Last weekend I found myself in this very position, of needing to respond to a request that I didn’t want to accommodate.  It was a Saturday morning, and I had dashed into Costco to buy a pair of knockoff Uggs for my daughter.  I found the boots, tossed about five more items into my basket and headed for the check out.  As I positioned myself in line,  I glanced at the clock on my phone and noticed that I was running 10 minutes late for my next appointment. A few moments later, a woman took her place behind me in line. She was carrying one bag of dog food. Do you see where this is going?

Out of the corner of my eye, I saw her eyeing my basket.  Sure enough, when it was almost my turn to check out, she asked me if she could go ahead of me. I briefly weighed the circumstances:  I had six things, while she had only one, but I was running late, and she had strolled up to the line, implying that all was well with her schedule.   Oh – and I had gotten there first.

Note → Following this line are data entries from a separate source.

Lemma poly_sum_coef (f : {poly K}) N : (size f <= N)%N -> f = \sum_(i < N) f`_i *: 'X^i.
Proof.
move=> sf; rewrite -poly_def; apply/polyP => i; rewrite coef_poly.
by case: ltnP => // h; rewrite nth_default // (leq_trans sf h).
Qed.

Lemma homogenizeM N1 N2 (f1 f2 : {poly K}) :
  (size f1 <= N1.+1)%N -> (size f2 <= N2.+1)%N ->
  homogenize N1 f1 * homogenize N2 f2 = homogenize (N1 + N2)%N (f1 * f2).
Proof.
move=> s1 s2; rewrite [in RHS](poly_sum_coef s1) [in RHS](poly_sum_coef s2).
rewrite [in RHS]mulr_suml linear_sum {1}/homogenize mulr_suml; apply: eq_bigr => i _.
rewrite [in RHS]mulr_sumr linear_sum {1}/homogenize mulr_sumr; apply: eq_bigr => j _.
rewrite -scalerAl -scalerAr scalerA -scalerAl -scalerAr scalerA -exprD linearZ_LR /=.
rewrite homogenizeXn; last first.
  by have := ltn_ord i; have := ltn_ord j; lia.
rewrite -mpolyXD; congr (_ *: 'X_[_]); apply/mnmP => k; rewrite !mnmDE !mulmnE !mnm0E.
have := ltn_ord i; have := ltn_ord j; rewrite !ltnS => hj hi.
have -> : (N1 + N2 - (i + j) = (N1 - i) + (N2 - j))%N by lia.
ring.
Qed.

Lemma mulX_homogenizeE r N f :
  'X_[r] * homogenize N f = \sum_(j < N.+1) f`_j *: 'X_[homogenize_mon r N j].
Proof.
rewrite /homogenize mulr_sumr; apply: eq_bigr => j _.
by rewrite -scalerAr -mpolyXD /homogenize_mon add0m.
Qed.

Lemma homogenize0 (f : {poly K}) : homogenize 0 f = (f`_0)%:MP.
Proof.
rewrite /homogenize big_ord1 -alg_mpolyC -mpolyX0; congr (_ *: 'X_[_]).
by apply/mnmP => k; rewrite !mnmDE !mulmnE !muln0.
Qed.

I told her in a friendly voice, “I’m sorry, but I’m running late. Otherwise, I would.”  She frowned and snapped, “Yes, I’m sure you’re all heart on every day but today.”   I was taken aback by her anger and, with a tight little shrug, said the first thing that popped into my mind. “Well,” I replied, “it’s just that I have heart for myself, too.”  The woman took in my words and her face cleared.  She softened and said, “That makes sense.”  And that was it.  I paid for my merchandise and left the store.

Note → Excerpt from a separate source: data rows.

(* Let $f(t)\in\mathbb{F}_q[t;\theta]$ be a right divisor of some monic $F(t)\in\mathbb{F}_q[t;\theta]$ of degree $n$, let $\mathscr{C}=\{w\in\mathbb{F}_q[t;\theta]:\deg w<n,\ w=a(t)f(t)\text{ for some }a\in\mathbb{F}_q[t;\theta]\}\subseteq\mathbb{F}_q^n$ be the linear code generated by $f$, and let $\mathscr{C}^{[]_s}=\{v\in\mathbb{F}_q[x]:\deg v<[n]_s,\ v=b(x)f^{[]_s}(x)\text{ for some }b\in\mathbb{F}_q[x]\}\subseteq\mathbb{F}_q^{[n]_s}$ be the linear code generated by $f^{[]_s}(x)$. Then $d(\mathscr{C}^{[]_s})\le d(\mathscr{C})$, and equality holds if and only if some codeword of minimal weight of $\mathscr{C}^{[]_s}$ belongs to $\mathbb{F}_q[x^{[]_s}]$.
   Context: $q=p^r$ with $p$ prime, $\theta(a)=a^{p^s}$ for $a\in\mathbb{F}_q$ with $1\le s\le r-1$, and $\mathbb{F}_q[t;\theta]$ is the skew polynomial ring with $ta=\theta(a)t$. Polynomials of degree $<n$ are identified with their coefficient vectors in $\mathbb{F}_q^n$; the weight of a polynomial is its number of nonzero coefficients, and $d(\cdot)$ is the minimum Hamming distance (minimum nonzero weight). For $i\ge0$, $[i]_s=\frac{(p^s)^i-1}{p^s-1}$. For $f(t)=\sum_ia_it^i$, $f^{[]_s}(x)=\sum_ia_ix^{[i]_s}\in\mathbb{F}_q[x]$ (commutative polynomial ring), and $\mathbb{F}_q[x^{[]_s}]=\{\sum_i\alpha_ix^{[i]_s}\}\subseteq\mathbb{F}_q[x]$. *)

(* Skew polynomials F_q[t;theta] are represented by their
   coefficient polynomials in {poly F}, with the skew product skew_mul. *)
From HB Require Import structures.
From mathcomp Require Import all_boot all_order all_algebra all_field.
Set Implicit Arguments. Unset Strict Implicit. Unset Printing Implicit Defensive.
Import GRing.Theory.
Local Open Scope ring_scope.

There was a time, many years ago, when I would have meekly allowed the woman to go ahead of me, simply because she wanted to.  Then, more recently, during my surly period, I would have told her no just because I could. Had she snapped at me, I would have snapped back and tried to back her down with the force of my will. It would have been an unpleasant moment for both of us.

Then there came a time on my own personal path when I  began to value my truth over my comfort.  I discovered that if I give in to someone just to make things easy on myself, it isn’t the same thing as kindness.  Instead of feeling generous, it makes me feel cowardly, wimpy, and resentful.

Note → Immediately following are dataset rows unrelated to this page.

Lemma sum_tuple_bound :
  \sum_(j : {ffun 'I_q -> 'I_n}) \sum_a tuple_weight a * tuple_bound a j =
  s%:R * \sum_(j : {ffun 'I_q -> 'I_n} | injectiveb j) \sum_b eta b * row_bound b j
    + (n ^ q - n ^_ q)%:R.
Proof.
rewrite (bigID (fun j : {ffun 'I_q -> 'I_n} => injectiveb j)) /= mulr_sumr; congr (_ + _).
  apply: eq_bigr => j inj; under eq_bigr do rewrite /tuple_bound inj.
  exact: sum_tuple_weight_coord.
rewrite -card_noninjective_ffuns -sum1dep_card natr_sum; apply: eq_bigr => j /negbTE ninj.
by under eq_bigr do rewrite /tuple_bound ninj mulr1; rewrite sum_tuple_weight.
Qed.

Lemma dTV_D_sim_D_test_bound :
  dTV (D_sim s q eta (type_dist xi)) (D_test s q (marg1 xi))
    <= 3 * e * s%:R + (q ^ 2)%:R / n%:R.
Proof.
apply: le_trans dTV_D_sim_D_test_le_avg _.
have u_ge0 : 0 <= (n%:R ^+ q)^-1 :> R by rewrite invr_ge0 exprn_ge0 ?ler0n.
apply: (@le_trans _ _ ((n%:R ^+ q)^-1 *
  \sum_(j : {ffun 'I_q -> 'I_n}) \sum_a tuple_weight a * tuple_bound a j)).
  rewrite exchange_big mulr_sumr; apply: ler_sum => a _; rewrite mulr_sumr.
  by apply: ler_sum => j _; rewrite -mulrA ler_wpM2l // dTV_rows_le.
rewrite sum_tuple_bound mulrDr [_^-1 * _%:R]mulrC; apply: lerD.
  rewrite mulrCA mulrC ler_wpM2r ?ler0n //.
  apply: le_trans (ler_wpM2l u_ge0 sum_injective_row_bound_le) _.
  by rewrite mulrCA ler_piMr ?mulr_ge0 // mulrC ffact_div_expn_le1.
exact: expn_ffact_gap_div.
Qed.

End Mixtures.

End Detailing.

Theorem lemma4p1 (R : realFieldType) (s q n : nat) (eps : R)
  (A : finType) (mu : {ffun bvec n -> R}) (xi : {ffun bvec n * A -> R}) :
  0 < eps < 1 ->
  is_dist mu ->
  is_detailing mu xi ->
  good_detailing (eps / (3 * (s.+1)%:R)) q xi ->
  6 * (q ^ 2 * s.+1)%:R / eps <= n%:R ->
  dTV (D_sim s q (marg2 xi) (type_dist xi)) (D_test s q mu) <= eps.
Proof.
move=> /andP[eps_gt0 _] _ [[xi_ge0 xi_sum1] <-] [J [J_mass J_good]] n_large.
set e := eps / _ in J_mass J_good.
have e_ge0 : 0 <= e by rewrite divr_ge0 ?mulr_ge0 ?ler0n ?ltW.
have eta_sum1 : \sum_b marg2 xi b = 1 by rewrite sum_marg2.
apply: le_trans (dTV_D_sim_D_test_bound xi_ge0 s eta_sum1 e_ge0 J_mass J_good) _.
have eps_split : 3 * e * (s.+1)%:R = eps.
  by rewrite /e; field; rewrite addrC natr1 pnatr_eq0.
have q2n : (q ^ 2)%:R / n%:R * (6 * (s.+1)%:R) <= eps.
  have [->|n_gt0] := posnP n; first by rewrite invr0 mulr0 mul0r ltW.
  rewrite mulrAC ler_pdivrMr ?ltr0n // [eps * _]mulrC -ler_pdivrMr //.
  by apply: le_trans n_large; rewrite natrM mulrCA.
have s1_gt0 : 0 < (s.+1)%:R :> R by rewrite ltr0n.
(* The bound is eps (s + 1/6) / (s + 1). *)
rewrite -natr1 in eps_split q2n s1_gt0.
nra.
Qed.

Now, in my coaching practice, I encourage my clients to tell the truth, especially in their intimate relationships.  They are often afraid of the consequences – that if they voice their true feelings, it will start a fight, or they will be perceived as mean, or that they have no right to their opinion anyway.  And, in a way, their fears of conflict are justified. Sharing our deepest feelings when everyone is in agreement is comforting and pleasurable, but when we are feeling attacked, our truth can seem inadequate and thin.  In the instant between when I spoke honestly to the woman at Costco and when she softened, I felt vulnerable and too open.  But the truth turned out to be the only solid ground available to me in that moment.

We learn who our true self is by sharing that person with others. When we share a false self, we don’t give our souls the information they need to grow.  We lose the opportunity to see our true selves mirrored back to us by the person with whom we are interacting; however, the tremendous power of speaking truth is only available to us if we know what our truth is.  Be open to what’s real for you in every moment, and rest in that truth like a boulder.  Once you recognize your truth, you will see that it often changes from moment to moment like a flowing river.  Every shift brings another opportunity for growth and self-awareness.

Truth, spoken from the heart, can heal a fractured moment in surprising ways, and we are all hardwired to need this type of communication above all others.